To do: Somewhere below, one line contains "(* The ALOHA" and a later line contains "there; otherwise, by". Output those two lines and everything between them exactly, and nothing else.

'''

(* Let $\lambda>0$, $p\in(0,1)$, let $B\ge1$ be an integer, $\alpha>2$, $d>0$, $\theta>0$, $R=\log(1+\theta)$, $\lambda_{max}=\frac{1}{d^2\theta^{2/\alpha}\kappa(\alpha)}$ with $\kappa(\alpha)=\frac{2\pi^2}{\alpha\sin(2\pi/\alpha)}$. Let $f_B:[0,1]\to\mathbb{R}$ be as defined in the context and $$C_B(q)=\lambda f_B(q)\exp\!\Big(-\frac{\lambda f_B(q)}{\lambda_{max}}\Big)R .$$ If there exists $\hat q\in[0,1]$ with $f_B(\hat q)=\frac{\lambda_{max}}{\lambda}$, then $q^\star=\hat q$ maximizes $C_B$ over $[0,1]$; otherwise $q^\star=1$ maximizes $C_B$ over $[0,1]$.
   Context: For $q\in(0,1]$ define $r_B(q)$ by: if $B=1$, $r_1(q)=\frac{p}{p+q-pq}$; if $B>1$ and $q\ne p$, $r_B(q)=\frac{\frac{p}{q}(1-\rho^B)}{1-\frac{p}{q}\rho^B}$ with $\rho=\frac{p(1-q)}{q(1-p)}$; if $B>1$ and $q=p$, $r_B(p)=\frac{B}{B+1-p}$. Set $f_B(q)=q\,r_B(q)$ for $q\in(0,1]$ and $f_B(0)=0$. Model: transmitters form a homogeneous Poisson point process of density $\lambda$ in $\mathbb{R}^2$, each with receiver at distance $d$, path-loss exponent $\alpha$, Rayleigh fading, success if SIR exceeds $\theta$; each transmitter harvests one energy unit per slot with probability $p$, stores it in a battery of capacity $B$, and when the battery is nonempty transmits with unit power with ALOHA probability $q$. Then $r_B(q)$ is the stationary probability that the battery is nonempty and $C_B(q)$ is the transmission capacity; the optimal ALOHA probability maximizes $C_B$. *)

From Stdlib Require Import Reals.
Open Scope R_scope.

Definition rho (p q : R) : R := (p * (1 - q)) / (q * (1 - p)).

(* r_B(q): stationary probability that the battery is nonempty, q in (0,1] *)
Definition r_B (B : nat) (p q : R) : R :=
  if Nat.eqb B 1 then p / (p + q - p * q)
  else if Req_EM_T q p then INR B / (INR B + 1 - p)
  else ((p / q) * (1 - rho p q ^ B)) / (1 - (p / q) * rho p q ^ B).

Definition f_B (B : nat) (p q : R) : R :=
  if Req_EM_T q 0 then 0 else q * r_B B p q.

Definition kappa (alpha : R) : R := 2 * PI ^ 2 / (alpha * sin (2 * PI / alpha)).

Definition lambda_max (alpha d theta : R) : R :=
  1 / (d ^ 2 * Rpower theta (2 / alpha) * kappa alpha).

Definition C_B (lam p : R) (B : nat) (alpha d theta q : R) : R :=
  lam * f_B B p q * exp (- (lam * f_B B p q) / lambda_max alpha d theta)
      * ln (1 + theta).

(* The ALOHA probability enters C_B only through x = lam f_B(q), and
   x exp(-x / lambda_max) is maximal at x = lambda_max and increasing below it.
   On [0,1] the function f_B is continuous, with f_B(0) = 0, f_B(1) = p and
   0 <= f_B <= p.  Hence if f_B hits lambda_max / lam the capacity is maximal
   there; otherwise, by the intermediate value theorem, lam f_B < lambda_max on
   [0,1], and q = 1 maximizes lam f_B(q), hence C_B. *)

From Stdlib Require Import Reals Lra Lia Psatz Ranalysis5.
Open Scope R_scope.

Fixpoint pow_diff_sum (a b : R) (n : nat) : R :=
  match n with
  | O => 0
  | Datatypes.S n => b * pow_diff_sum a b n + a ^ n
  end.

Lemma pow_sub_pow_factor (a b : R) (n : nat) :
  b ^ n - a ^ n = (b - a) * pow_diff_sum a b n.
Proof.
induction n as [|n IH]; simpl; [ring|].
transitivity (b * (b ^ n - a ^ n) + (b - a) * a ^ n); [ring|].
rewrite IH; ring.
Qed.

Lemma pow_diff_sum_ge0 (a b : R) (n : nat) :
  0 <= a -> 0 <= b -> 0 <= pow_diff_sum a b n.
Proof.
intros Ha Hb; induction n as [|n IH]; simpl; [lra|].
pose proof (pow_le a n Ha); nra.
Qed.

Lemma pow_diff_sum_gt0 (a b : R) (n : nat) :
  0 <= a -> 0 < b -> 0 < pow_diff_sum a b (Datatypes.S n).
Proof.
intros Ha Hb; induction n as [|n IH]; simpl in *; [lra|].
pose proof (pow_le a n Ha); nra.
Qed.

Lemma pow_diff_sum_diag (c : R) (n : nat) :
  pow_diff_sum c c (Datatypes.S n) = INR (Datatypes.S n) * c ^ n.
Proof.
induction n as [|n IH]; [simpl; ring|].
change (pow_diff_sum c c (Datatypes.S (Datatypes.S n)))
  with (c * pow_diff_sum c c (Datatypes.S n) + c ^ Datatypes.S n).
rewrite IH, !S_INR; simpl; ring.
Qed.

Lemma continuity_pow_diff_sum (a b : R -> R) (n : nat) (x : R) :
  continuity_pt a x -> continuity_pt b x ->
  continuity_pt (fun q => pow_diff_sum (a q) (b q) n) x.
Proof.
intros Ca Cb; induction n as [|n IH]; simpl.
- apply continuity_pt_const; intros u v; reflexivity.
- change (continuity_pt
    (b * (fun q => pow_diff_sum (a q) (b q) n) + (fun q => (a q ^ n)%R))%F x).
  apply continuity_pt_plus; [apply continuity_pt_mult; assumption|].
  change (continuity_pt (comp (fun y => y ^ n) a) x).
  apply continuity_pt_comp; [assumption | apply derivable_continuous_pt, derivable_pt_pow].
Qed.

(* Multiplying numerator and denominator of r_B by (q(1-p))^B and cancelling
   q - p removes the removable singularities of r_B at q = p and f_B at q = 0. *)
Definition idle_prob (p q : R) : R := p * (1 - q).
Definition harvest_prob (p q : R) : R := q * (1 - p).

Definition f_closed (B : nat) (p q : R) : R :=
  let s := pow_diff_sum (idle_prob p q) (harvest_prob p q) B in
  p * q * s / (q * s + idle_prob p q ^ B).

Section ClosedForm.

Variables (B : nat) (p : R).
Hypotheses (HB : (1 <= B)%nat) (Hp : 0 < p < 1).

Lemma f_closed_denom_pos (q : R) : 0 <= q <= 1 ->
  0 < q * pow_diff_sum (idle_prob p q) (harvest_prob p q) B + idle_prob p q ^ B.
Proof.
intros Hq. destruct B as [|n]; [lia|].
assert (Ha : 0 <= idle_prob p q) by (unfold idle_prob; nra).
pose proof (pow_le _ (Datatypes.S n) Ha).
destruct (Req_dec q 0) as [->|Hq0].
- assert (0 < idle_prob p 0) by (unfold idle_prob; lra).
  pose proof (pow_lt _ (Datatypes.S n) H0); lra.
- assert (Hb : 0 < harvest_prob p q) by (unfold harvest_prob; nra).
  pose proof (pow_diff_sum_gt0 _ _ n Ha Hb); nra.
Qed.

Lemma f_B_closed_form (q : R) : 0 <= q <= 1 -> f_B B p q = f_closed B p q.
Proof.
intros Hq. pose proof (f_closed_denom_pos q Hq) as HD.
unfold f_B, f_closed. destruct (Req_EM_T q 0) as [->|Hq0]; [unfold Rdiv; ring|].
unfold r_B. destruct (Nat.eqb_spec B 1) as [->|HB1].
{ simpl in *; unfold idle_prob, harvest_prob in *; field; nra. }
destruct (Req_EM_T q p) as [->|Hqp].
- destruct B as [|n]; [lia|].
  change (harvest_prob p p) with (idle_prob p p) in *.
  rewrite pow_diff_sum_diag in HD |- *; rewrite <- tech_pow_Rmult in *.
  assert (0 < INR (Datatypes.S n)) by (apply lt_0_INR; lia).
  assert (Hc : 0 < idle_prob p p) by (unfold idle_prob; nra).
  pose proof (pow_lt _ n Hc).
  field_simplify_eq; [unfold idle_prob; ring|].
  split; [lra|]; intro; nra.
- set (a := idle_prob p q) in *; set (b := harvest_prob p q) in *.
  assert (Hrho : rho p q ^ B = a ^ B / b ^ B).
  { unfold rho, Rdiv; rewrite Rpow_mult_distr, pow_inv; reflexivity. }
  assert (Hb : 0 < b) by (unfold b, harvest_prob; nra).
  pose proof (pow_lt _ B Hb).
  assert (Hbb : b ^ B = a ^ B + (q - p) * pow_diff_sum a b B).
  { replace (q - p) with (b - a) by (unfold a, b, idle_prob, harvest_prob; ring).
    rewrite <- pow_sub_pow_factor; ring. }
  assert (Hden : q * b ^ B - p * a ^ B <> 0).
  { rewrite Hbb.
    replace (q * (a ^ B + (q - p) * pow_diff_sum a b B) - p * a ^ B)
      with ((q - p) * (q * pow_diff_sum a b B + a ^ B)) by ring.
    apply Rmult_integral_contrapositive; split; lra. }
  rewrite Hrho; field_simplify_eq; [rewrite Hbb; ring|].
  repeat split; lra.
Qed.

Lemma continuity_f_closed (q : R) : 0 <= q <= 1 -> continuity_pt (f_closed B p) q.
Proof.
intros Hq. pose proof (f_closed_denom_pos q Hq).
assert (Cs : continuity_pt
  (fun q => pow_diff_sum (idle_prob p q) (harvest_prob p q) B) q).
{ apply continuity_pow_diff_sum; unfold idle_prob, harvest_prob; reg. }
unfold f_closed.
change (continuity_pt
  ((fun q => (p * q)%R) * (fun q => pow_diff_sum (idle_prob p q) (harvest_prob p q) B)
   / ((fun q => q) * (fun q => pow_diff_sum (idle_prob p q) (harvest_prob p q) B)
      + (fun q => (idle_prob p q ^ B)%R)))%F q).
apply continuity_pt_div.
- apply continuity_pt_mult; [reg | exact Cs].
- apply continuity_pt_plus; [apply continuity_pt_mult; [reg | exact Cs]|].
  unfold idle_prob; reg.
- unfold plus_fct, mult_fct; lra.
Qed.

Lemma f_closed_bounds (q : R) : 0 <= q <= 1 -> 0 <= f_closed B p q <= p.
Proof.
intros Hq. pose proof (f_closed_denom_pos q Hq). unfold f_closed in *.
assert (Ha : 0 <= idle_prob p q) by (unfold idle_prob; nra).
assert (Hb : 0 <= harvest_prob p q) by (unfold harvest_prob; nra).
pose proof (pow_diff_sum_ge0 _ _ B Ha Hb). pose proof (pow_le _ B Ha).
set (s := pow_diff_sum (idle_prob p q) (harvest_prob p q) B) in *.
set (x := idle_prob p q ^ B) in *.
split.
- unfold Rdiv; apply Rmult_le_pos.
  + apply Rmult_le_pos; [apply Rmult_le_pos|]; lra.
  + left; apply Rinv_0_lt_compat; lra.
- apply Rmult_le_reg_r with (q * s + x); [lra|].
  unfold Rdiv; rewrite Rmult_assoc, Rinv_l; nra.
Qed.

Lemma f_closed_0 : f_closed B p 0 = 0.
Proof. unfold f_closed, Rdiv; ring. Qed.

Lemma f_closed_1 : f_closed B p 1 = p.
Proof.
pose proof (f_closed_denom_pos 1 ltac:(lra)). unfold f_closed in *.
replace (idle_prob p 1) with 0 in * by (unfold idle_prob; ring).
destruct B as [|n]; [lia|]. rewrite pow_i in * by lia. field; lra.
Qed.

Lemma f_B_bounds (q : R) : 0 <= q <= 1 -> 0 <= f_B B p q <= p.
Proof. intros Hq; rewrite f_B_closed_form by exact Hq; exact (f_closed_bounds q Hq). Qed.

Lemma f_B_1 : f_B B p 1 = p.
Proof. rewrite f_B_closed_form by lra; exact f_closed_1. Qed.

Lemma f_B_onto (y : R) : 0 <= y <= p -> exists q, 0 <= q <= 1 /\ f_B B p q = y.
Proof.
intros Hy.
destruct (Req_dec y 0) as [->|Hy0].
{ exists 0; split; [lra|]; rewrite f_B_closed_form by lra; exact f_closed_0. }
destruct (Req_dec y p) as [->|Hyp]; [exists 1; split; [lra | exact f_B_1]|].
destruct (IVT_interv (fun q => f_closed B p q - y) 0 1) as [q [Hq Hfq]].
- intros a Ha. apply continuity_pt_minus; [exact (continuity_f_closed a Ha)|].
  apply continuity_pt_const; intros u v; reflexivity.
- lra.
- rewrite f_closed_0; lra.
- rewrite f_closed_1; lra.
- exists q; split; [exact Hq|]. rewrite f_B_closed_form by exact Hq; lra.
Qed.

End ClosedForm.

Lemma lambda_max_pos (alpha d theta : R) :
  2 < alpha -> 0 < d -> 0 < theta -> 0 < lambda_max alpha d theta.
Proof.
intros Ha Hd Ht. pose proof PI_RGT_0.
assert (Hsin : 0 < sin (2 * PI / alpha)).
{ apply sin_gt_0; [apply Rdiv_lt_0_compat; lra|].
  apply Rmult_lt_reg_r with alpha; [lra|].
  unfold Rdiv; rewrite Rmult_assoc, Rinv_l by lra; nra. }
assert (0 < Rpower theta (2 / alpha)) by (unfold Rpower; apply exp_pos).
unfold lambda_max, kappa.
apply Rdiv_lt_0_compat; [lra|].
apply Rmult_lt_0_compat; [apply Rmult_lt_0_compat; nra|].
apply Rdiv_lt_0_compat; nra.
Qed.

(* Both facts about x exp(-x/L) follow from 1 + t <= exp t. *)
Lemma xexp_le_at_max (L x : R) : 0 < L -> x * exp (- x / L) <= L * exp (- L / L).
Proof.
intros HL. set (t := x / L).
replace x with (L * t) by (unfold t; field; lra).
replace (- (L * t) / L) with (- t) by (field; lra).
replace (- L / L) with (-1) by (field; lra).
assert (Ht : t <= exp (t - 1)) by (pose proof (exp_ineq1_le (t - 1)); lra).
replace (exp (-1)) with (exp (t - 1) * exp (- t)) by (rewrite <- exp_plus; f_equal; ring).
rewrite Rmult_assoc; apply Rmult_le_compat_l; [lra|].
apply Rmult_le_compat_r; [left; apply exp_pos | exact Ht].
Qed.

Lemma xexp_le_increasing (L x y : R) : 0 < L -> 0 <= x <= y -> y <= L ->
  x * exp (- x / L) <= y * exp (- y / L).
Proof.
intros HL Hxy HyL. set (t := (y - x) / L).
assert (Ht : 0 <= t)
  by (unfold t, Rdiv; apply Rmult_le_pos; [lra | left; apply Rinv_0_lt_compat; lra]).
replace (- x / L) with (- y / L + t) by (unfold t; field; lra).
rewrite exp_plus.
assert (Hx : x <= y * exp (- t)).
{ pose proof (exp_ineq1_le (- t)).
  assert (x = y - L * t) by (unfold t; field; lra). nra. }
assert (Hxt : x * exp t <= y).
{ apply Rle_trans with (y * exp (- t) * exp t).
  - apply Rmult_le_compat_r; [left; apply exp_pos | exact Hx].
  - rewrite Rmult_assoc, <- exp_plus, Rplus_opp_l, exp_0; lra. }
replace (x * (exp (- y / L) * exp t)) with (x * exp t * exp (- y / L)) by ring.
apply Rmult_le_compat_r; [left; apply exp_pos | exact Hxt].
Qed.

Theorem theorem2 (lam p : R) (B : nat) (alpha d theta : R)
  (Hlam : 0 < lam) (Hp0 : 0 < p) (Hp1 : p < 1) (HB : (1 <= B)%nat)
  (Halpha : 2 < alpha) (Hd : 0 < d) (Htheta : 0 < theta) :
  (forall qh : R, 0 <= qh <= 1 ->
     f_B B p qh = lambda_max alpha d theta / lam ->
     forall q : R, 0 <= q <= 1 ->
       C_B lam p B alpha d theta q <= C_B lam p B alpha d theta qh) /\
  ((~ exists qh : R, 0 <= qh <= 1 /\ f_B B p qh = lambda_max alpha d theta / lam) ->
     forall q : R, 0 <= q <= 1 ->
       C_B lam p B alpha d theta q <= C_B lam p B alpha d theta 1).
Proof.
pose proof (lambda_max_pos alpha d theta Halpha Hd Htheta) as HL.
set (L := lambda_max alpha d theta) in *.
assert (Hln : 0 < ln (1 + theta)) by (rewrite <- ln_1; apply ln_increasing; lra).
assert (Hp : 0 < p < 1) by lra.
unfold C_B; fold L; split.
- intros qh _ Hf q _. rewrite Hf.
  replace (lam * (L / lam)) with L by (field; lra).
  apply Rmult_le_compat_r; [lra | exact (xexp_le_at_max L _ HL)].
- intros Hnone q Hq.
  assert (HpL : p < L / lam).
  { apply Rnot_le_lt; intros HLp. apply Hnone, (f_B_onto B p HB Hp).
    split; [apply Rlt_le, Rdiv_lt_0_compat|]; lra. }
  pose proof (f_B_bounds B p HB Hp q Hq).
  rewrite (f_B_1 B p HB Hp).
  apply Rmult_le_compat_r; [lra|].
  apply xexp_le_increasing; [exact HL | nra |].
  apply Rmult_lt_compat_l with (r := lam) in HpL; [|lra].
  replace (lam * (L / lam)) with L in HpL by (field; lra); lra.
Qed.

'''

Answer for the task:
(* The ALOHA probability enters C_B only through x = lam f_B(q), and
   x exp(-x / lambda_max) is maximal at x = lambda_max and increasing below it.
   On [0,1] the function f_B is continuous, with f_B(0) = 0, f_B(1) = p and
   0 <= f_B <= p.  Hence if f_B hits lambda_max / lam the capacity is maximal
   there; otherwise, by the intermediate value theorem, lam f_B < lambda_max on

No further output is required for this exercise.